(* Let $G=(V,E)$ be a transitive directed graph, and let $\mathrm{S}=(S_v,S_e)$ be a TCK family for $G$ on a Hilbert space $\mathcal{H}$ with free semigroupoid algebra $\mathfrak{S}$. Suppose that for every $v\in V$ there exists $w\in V$ such that $S_v\mathfrak{S}S_w=S_vB(\mathcal{H})S_w$. Then $\mathfrak{S}=B(\mathcal{H})$.
   Context: A directed graph $G=(V,E,r,s)$; a path $e_1\cdots e_n$ has $s(e_i)=r(e_{i+1})$; $G$ is transitive if there is a path between any vertex and any other. A TCK family on $\mathcal{H}$: the $S_v$ are pairwise orthogonal projections, $S_e^*S_e=S_{s(e)}$, and $\sum_{e\in F}S_eS_e^*\le S_v$ for finite $F\subseteq r^{-1}(v)$; it is assumed nondegenerate, i.e. $\mathrm{SOT}\text{-}\sum_{v\in V}S_v=I_{\mathcal{H}}$. The free semigroupoid algebra $\mathfrak{S}$ is the WOT-closed algebra generated by $\{S_v,S_e\}$. *)

From HB Require Import structures.
From mathcomp Require Import all_boot all_order all_algebra.
From mathcomp Require Import complex.
From mathcomp Require Import reals.
From Stdlib Require List.
Set Implicit Arguments. Unset Strict Implicit. Unset Printing Implicit Defensive.
Import Order.TTheory GRing.Theory Num.Theory.
Local Open Scope ring_scope.

Section Hilbert.
Variable R : realType.
Local Notation C := R[i].
Variable H : lmodType C.
Variable inner : H -> H -> C.

Definition nsq (x : H) : C := inner x x.

Definition is_inner_product : Prop :=
  [/\ (forall (a : C) (x y z : H), inner (a *: x + y) z = a * inner x z + inner y z),
      (forall x y : H, inner y x = (inner x y)^*),
      (forall x : H, 0 <= inner x x) &
      (forall x : H, inner x x = 0 -> x = 0)].

Definition cauchy_seq (u : nat -> H) : Prop :=
  forall eps : C, 0 < eps -> exists N : nat, forall m n : nat,
    (N <= m)%N -> (N <= n)%N -> nsq (u m - u n) < eps.

Definition converges_to (u : nat -> H) (l : H) : Prop :=
  forall eps : C, 0 < eps -> exists N : nat, forall n : nat,
    (N <= n)%N -> nsq (u n - l) < eps.

Definition is_hilbert_space : Prop :=
  is_inner_product /\
  (forall u : nat -> H, cauchy_seq u -> exists l : H, converges_to u l).

Definition bounded_op (T : H -> H) : Prop :=
  [/\ (forall x y : H, T (x + y) = T x + T y),
      (forall (a : C) (x : H), T (a *: x) = a *: T x) &
      exists M : C, forall x : H, nsq (T x) <= M * nsq x].

Definition is_adjoint (T Tstar : H -> H) : Prop :=
  forall x y : H, inner (T x) y = inner x (Tstar y).

Definition is_projection (P : H -> H) : Prop :=
  [/\ bounded_op P, (forall x, P (P x) = P x) & is_adjoint P P].

Definition in_wot_closure (A : (H -> H) -> Prop) (T : H -> H) : Prop :=
  forall (ps : seq (H * H)%type) (eps : C), 0 < eps ->
    exists B : H -> H, A B /\
      forall p, List.In p ps -> `|inner (T p.1) p.2 - inner (B p.1) p.2| < eps.

Definition wot_closed_algebra (A : (H -> H) -> Prop) : Prop :=
  [/\ (forall T, A T -> bounded_op T),
      A (fun _ => 0),
      (forall T U, A T -> A U -> A (fun x => T x + U x)),
      (forall (c : C) T, A T -> A (fun x => c *: T x)) &
      (forall T U, A T -> A U -> A (fun x => T (U x)))] /\
      (forall T, bounded_op T -> in_wot_closure A T -> A T).

Definition wot_generated (gens : (H -> H) -> Prop) (T : H -> H) : Prop :=
  forall A : (H -> H) -> Prop,
    wot_closed_algebra A -> (forall G, gens G -> A G) -> A T.

Section Graph.
Variables (V E : Type) (r s : E -> V).

Fixpoint is_path (p : seq E) : Prop :=
  match p with
  | e1 :: ((e2 :: _) as q) => s e1 = r e2 /\ is_path q
  | _ => True
  end.

Definition transitive_graph : Prop :=
  forall u w : V, u <> w ->
    exists (e0 : E) (p : seq E), is_path (e0 :: p) /\
      r e0 = u /\ s (last e0 p) = w.

Definition TCK_family (Sv : V -> H -> H) (Se Sstar : E -> H -> H) : Prop :=
  [/\ (forall v, is_projection (Sv v)),
      (forall v w, v <> w -> forall x, Sv v (Sv w x) = 0),
      (forall e, bounded_op (Se e) /\ is_adjoint (Se e) (Sstar e)),
      (forall e x, Sstar e (Se e x) = Sv (s e) x) &
      (forall (v : V) (F : seq E), List.NoDup F ->
         (forall e, List.In e F -> r e = v) ->
         forall x : H,
           \sum_(e <- F) inner (Se e (Sstar e x)) x <= inner (Sv v x) x)].

Definition TCK_nondegenerate (Sv : V -> H -> H) : Prop :=
  forall (x : H) (eps : C), 0 < eps -> exists F0 : seq V,
    forall F : seq V, List.NoDup F -> List.incl F0 F ->
      nsq (\sum_(v <- F) Sv v x - x) < eps.

Definition free_semigroupoid_algebra (Sv : V -> H -> H) (Se : E -> H -> H) :
  (H -> H) -> Prop :=
  wot_generated (fun G => (exists v, G = Sv v) \/ (exists e, G = Se e)).

End Graph.
End Hilbert.

From mathcomp Require Import all_boot all_order all_algebra.
From mathcomp Require Import complex reals ring.
From Stdlib Require Import FunctionalExtensionality ClassicalDescription.
From Stdlib Require List.
Set Implicit Arguments.
Unset Strict Implicit.
Unset Printing Implicit Defensive.
Import Order.TTheory GRing.Theory Num.Theory.
Local Open Scope ring_scope.

(* Call the corner (u, w) full when S_u B(H) S_w lies in the free semigroupoid
   algebra.  Since S_(r e) S_e = S_e and S_e^* S_e = S_(s e), we have
   S_u T S_(s e) = S_u (T S_e^* ) S_(r e) S_e, so fullness of (u, r e) passes
   to (u, s e); following paths, transitivity of G spreads the full corner
   given by the hypothesis to all corners (u, w).  By nondegeneracy the finite
   sums P_F of the S_v tend strongly to I, hence every bounded T is the
   WOT-limit of the compressions P_F T P_F, which are finite sums of corners. *)

Section FiniteSubsetNet.
Variable V : Type.

(* "Eventually" along the net of finite subsets of V ordered by inclusion;
   finite subsets are represented by duplicate-free lists. *)
Definition eventually_finsub (P : seq V -> Prop) : Prop :=
  exists F0 : seq V, forall F, List.NoDup F -> List.incl F0 F -> P F.

Lemma eventually_finsub_mono (P Q : seq V -> Prop) :
  (forall F, P F -> Q F) -> eventually_finsub P -> eventually_finsub Q.
Proof. by move=> PQ [F0 P_F0]; exists F0 => F nd inc; apply/PQ/P_F0. Qed.

Lemma eventually_finsub_and (P Q : seq V -> Prop) :
  eventually_finsub P -> eventually_finsub Q ->
  eventually_finsub (fun F => P F /\ Q F).
Proof.
move=> [F1 P_F1] [F2 Q_F2]; exists (F1 ++ F2) => F nd inc; split.
- by apply: P_F1 nd _ => v v_in; apply/inc/List.in_or_app; left.
- by apply: Q_F2 nd _ => v v_in; apply/inc/List.in_or_app; right.
Qed.

Lemma eventually_finsub_all I (r : seq I) (P : I -> seq V -> Prop) :
  (forall i, List.In i r -> eventually_finsub (P i)) ->
  eventually_finsub (fun F => forall i, List.In i r -> P i F).
Proof.
elim: r => [|i r IHr] evP; first by exists [::] => F _ _ i [].
have evPr := IHr (fun j jr => evP j (or_intror jr)).
have evPi := evP i (or_introl erefl).
apply: eventually_finsub_mono (eventually_finsub_and evPi evPr).
by move=> F [Pi Pr] j [<-|jr] //; apply: Pr.
Qed.
(* Let $\mathcal{X}$ be a subcategory of $\mathcal{C}$ closed under extensions and CoCones, and let $\mathcal{W}$ be an $\mathcal{X}$-injective cogenerator for $\mathcal{X}$. Then $\widehat{\mathcal{X}}$ is closed under direct summands: if $C_1\oplus C_2\in\widehat{\mathcal{X}}$ then $C_1,C_2\in\widehat{\mathcal{X}}$.
   Context: $\mathcal{C}=(\mathcal{C},\mathbb{E},\mathfrak{s})$ is an extriangulated category (in the sense of Nakaoka–Palu) with enough projectives and enough injectives; a conflation realizing $\delta\in\mathbb{E}(C,A)$ is written as an $\mathbb{E}$-triangle $A\to B\to C\dashrightarrow$. All subcategories (here, $\mathcal{X}$ and $\mathcal{W}$) are full, additive, closed under isomorphisms and direct summands. Higher extensions: $\mathbb{E}^1=\mathbb{E}$, $\mathbb{E}^{i+1}(X,Y)=\mathbb{E}(X,\Sigma^iY)\cong\mathbb{E}(\Omega^iX,Y)$. $\mathcal{X}$ is extension-closed if for every $\mathbb{E}$-triangle $A\to B\to C\dashrightarrow$ with $A,C\in\mathcal{X}$ one has $B\in\mathcal{X}$; closed under CoCones if for every such $\mathbb{E}$-triangle with $B,C\in\mathcal{X}$ one has $A\in\mathcal{X}$. $\mathcal{W}$ is an $\mathcal{X}$-injective cogenerator for $\mathcal{X}$ if $\mathcal{W}\subseteq\mathcal{X}$, for each $X\in\mathcal{X}$ there is an $\mathbb{E}$-triangle $X\to W\to X'\dashrightarrow$ with $W\in\mathcal{W}$, $X'\in\mathcal{X}$, and $\mathbb{E}^i(X,W)=0$ for all $X\in\mathcal{X}$, $W\in\mathcal{W}$, $i\ge1$. For $n\ge0$, $\widehat{\mathcal{X}}_n$ is the class of objects $C$ for which there exist $\mathbb{E}$-triangles $K_{i+1}\to X_i\to K_i\dashrightarrow$ ($0\le i\le n-1$) with $K_0=C$, all $X_i\in\mathcal{X}$ and $K_n\in\mathcal{X}$; $\widehat{\mathcal{X}}=\bigcup_n\widehat{\mathcal{X}}_n$. *)

From HB Require Import structures.
From mathcomp Require Import all_boot all_algebra.
Set Implicit Arguments. Unset Strict Implicit. Unset Printing Implicit Defensive.
Import GRing.Theory.
Local Open Scope ring_scope.

(*   realizes d x y  <->  [A -x-> B -y-> C] belongs to the class s(d). *)
Record ExtriData := {
  Obj : Type;
  Hom : Obj -> Obj -> zmodType;
  comp : forall A B C : Obj, Hom B C -> Hom A B -> Hom A C;
  idm : forall A : Obj, Hom A A;
  Ext : Obj -> Obj -> zmodType;                 (* Ext C A = E(C,A) *)
  push : forall (C A A' : Obj), Hom A A' -> Ext C A -> Ext C A';
  pull : forall (C' C A : Obj), Hom C' C -> Ext C A -> Ext C' A;
  realizes : forall (A B C : Obj), Ext C A -> Hom A B -> Hom B C -> Prop
}.

Arguments comp {D A B C} : rename.
Arguments idm {D} A : rename.
Arguments push {D C A A'} : rename.
Arguments pull {D C' C A} : rename.
Arguments realizes {D A B C} : rename.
-=-=-
Your task
Output, unchanged, the lines from the line with "push : forall" through the final line of the material.

Solution
  push : forall (C A A' : Obj), Hom A A' -> Ext C A -> Ext C A';
  pull : forall (C' C A : Obj), Hom C' C -> Ext C A -> Ext C' A;
  realizes : forall (A B C : Obj), Ext C A -> Hom A B -> Hom B C -> Prop
}.

Arguments comp {D A B C} : rename.
Arguments idm {D} A : rename.
Arguments push {D C A A'} : rename.
Arguments pull {D C' C A} : rename.
Arguments realizes {D A B C} : rename.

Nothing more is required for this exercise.